**PROBLEM REQUIREMENTS:**
Please transcribe the data that follows exactly, from its first line through the line that contains "(h_diff : forall".

**DATA SUPPLIED:**

Theorem theorem2 (R : realType) (m p : nat)
  (phi : 'rV[R]_m -> \bar R) (h : 'rV[R]_m -> R)
  (S : 'rV[R]_m -> 'rV[R]_p) (g : 'rV[R]_p -> R)
  (Lh Lg eta : R)
  (* standing setup *)
  (phi_proper : proper_fun phi)
  (phi_lsc : lower_semicontinuous phi)
  (phi_convex : econvex phi)
  (h_diff : forall x, differentiable (h : 'rV[R]_m -> R^o) x)
  (h_lip : forall x y, x \in dom phi -> y \in dom phi ->
     enorm (grad (h : 'rV[R]_m -> R^o) x - grad (h : 'rV[R]_m -> R^o) y)
       <= Lh * enorm (x - y))
  (S_diff : forall x, differentiable S x)
  (S_C1 : forall i : 'I_m, continuous (fun x => 'd S x (delta_mx 0 i : 'rV[R]_m)))
  (Lg_pos : 0 < Lg)
  (g_lip : forall z z', `|g z - g z'| <= Lg * enorm (z - z'))
  (eta_pos : 0 < eta)
  (g_weak : rconvex (fun z => g z + eta / 2 * enorm z ^+ 2))
  (argmin_ne : exists xs, forall x,
     ((h xs + g (S xs))%:E + phi xs <= (h x + g (S x))%:E + phi x)%E)
  (* algorithm and assumptions *)
  (x : nat -> 'rV[R]_m) (c : R) (mu gamma : nat -> R)
  (M varpi1 varpi2 beta gbar : R)
  (x0_dom : x 0%N \in dom phi)
  (c_range : 0 < c < 1)
  (* (a) *)
  (mu_range : forall n, 0 < mu n <= (2 * eta)^-1)
  (mu_to0 : mu @ \oo --> 0)
  (mu_sum : (fun n => \sum_(0 <= k < n) mu k) @ \oo --> +oo)
  (M_ge1 : 1 <= M)
  (mu_ratio : forall n, M^-1 <= mu n.+1 / mu n <= 1)
  (* (b) *)
  (varpi1_ge0 : 0 <= varpi1) (varpi2_pos : 0 < varpi2)
  (gradF_lip : forall n y z, y \in dom phi -> z \in dom phi ->
     enorm (grad (Fmu (mu n) h g S : 'rV[R]_m -> R^o) y
            - grad (Fmu (mu n) h g S : 'rV[R]_m -> R^o) z)
       <= (varpi1 + varpi2 / mu n) * enorm (y - z))
  (* (c) *)
  (beta_pos : 0 < beta) (gbar_pos : 0 < gbar)
  (gamma_pos : forall n, 0 < gamma n)
  (descent : forall n,
     ((Fmu (mu n) h g S (prox (gamma n) phi
          (x n - gamma n *: grad (Fmu (mu n) h g S : 'rV[R]_m -> R^o) (x n))))%:E
      + phi (prox (gamma n) phi
          (x n - gamma n *: grad (Fmu (mu n) h g S : 'rV[R]_m -> R^o) (x n)))
      <= (Fmu (mu n) h g S (x n))%:E + phi (x n)
         - (c * gamma n * Mres (gamma n) (Fmu (mu n) h g S) phi (x n) ^+ 2)%:E)%E)
  (gamma_range : forall n,
     beta / (varpi1 + varpi2 / mu n) <= gamma n <= gbar)
  (* (d) *)
  (x_next : forall n, x n.+1 =
     prox (gamma n) phi
       (x n - gamma n *: grad (Fmu (mu n) h g S : 'rV[R]_m -> R^o) (x n))) :
  limn_einf (fun n => (Mres gbar (Fmu (mu n) h g S) phi (x n))%:E) = 0%E.
Proof.
have mu_gt0 n : 0 < mu n by case/andP: (mu_range n).
have mu_dec n : mu n.+1 <= mu n.
  by case/andP: (mu_ratio n) => _; rewrite ler_pdivrMr // mul1r.
have c_gt0 : 0 < c by case/andP: c_range.
have gamma_le n : gamma n <= gbar by case/andP: (gamma_range n).
have kap_gt0 : 0 < beta / (varpi1 * (2 * eta)^-1 + varpi2).
  by rewrite divr_gt0 // ltr_wpDl // mulr_ge0 // invr_ge0 mulr_ge0 // ltW.
have gamma_lb n : beta / (varpi1 * (2 * eta)^-1 + varpi2) * mu n <= gamma n.
  by case/andP: (gamma_range n) => + _; apply: le_trans; exact: stepsize_lb.
have [W sum_le] := weighted_residual_sum_bounded phi_proper phi_lsc phi_convex g_lip
  argmin_ne mu_gt0 mu_dec gamma_pos x0_dom x_next descent c_gt0 kap_gt0 gamma_lb gamma_le.
apply: limn_einf_eq0 => [n|]; first exact: enorm_ge0.
exact: frequently_le_of_weighted_sum (fun n => ltW (mu_gt0 n)) mu_sum sum_le.
Qed.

**TASK SOLUTION:**
Theorem theorem2 (R : realType) (m p : nat)
  (phi : 'rV[R]_m -> \bar R) (h : 'rV[R]_m -> R)
  (S : 'rV[R]_m -> 'rV[R]_p) (g : 'rV[R]_p -> R)
  (Lh Lg eta : R)
  (* standing setup *)
  (phi_proper : proper_fun phi)
  (phi_lsc : lower_semicontinuous phi)
  (phi_convex : econvex phi)
  (h_diff : forall x, differentiable (h : 'rV[R]_m -> R^o) x)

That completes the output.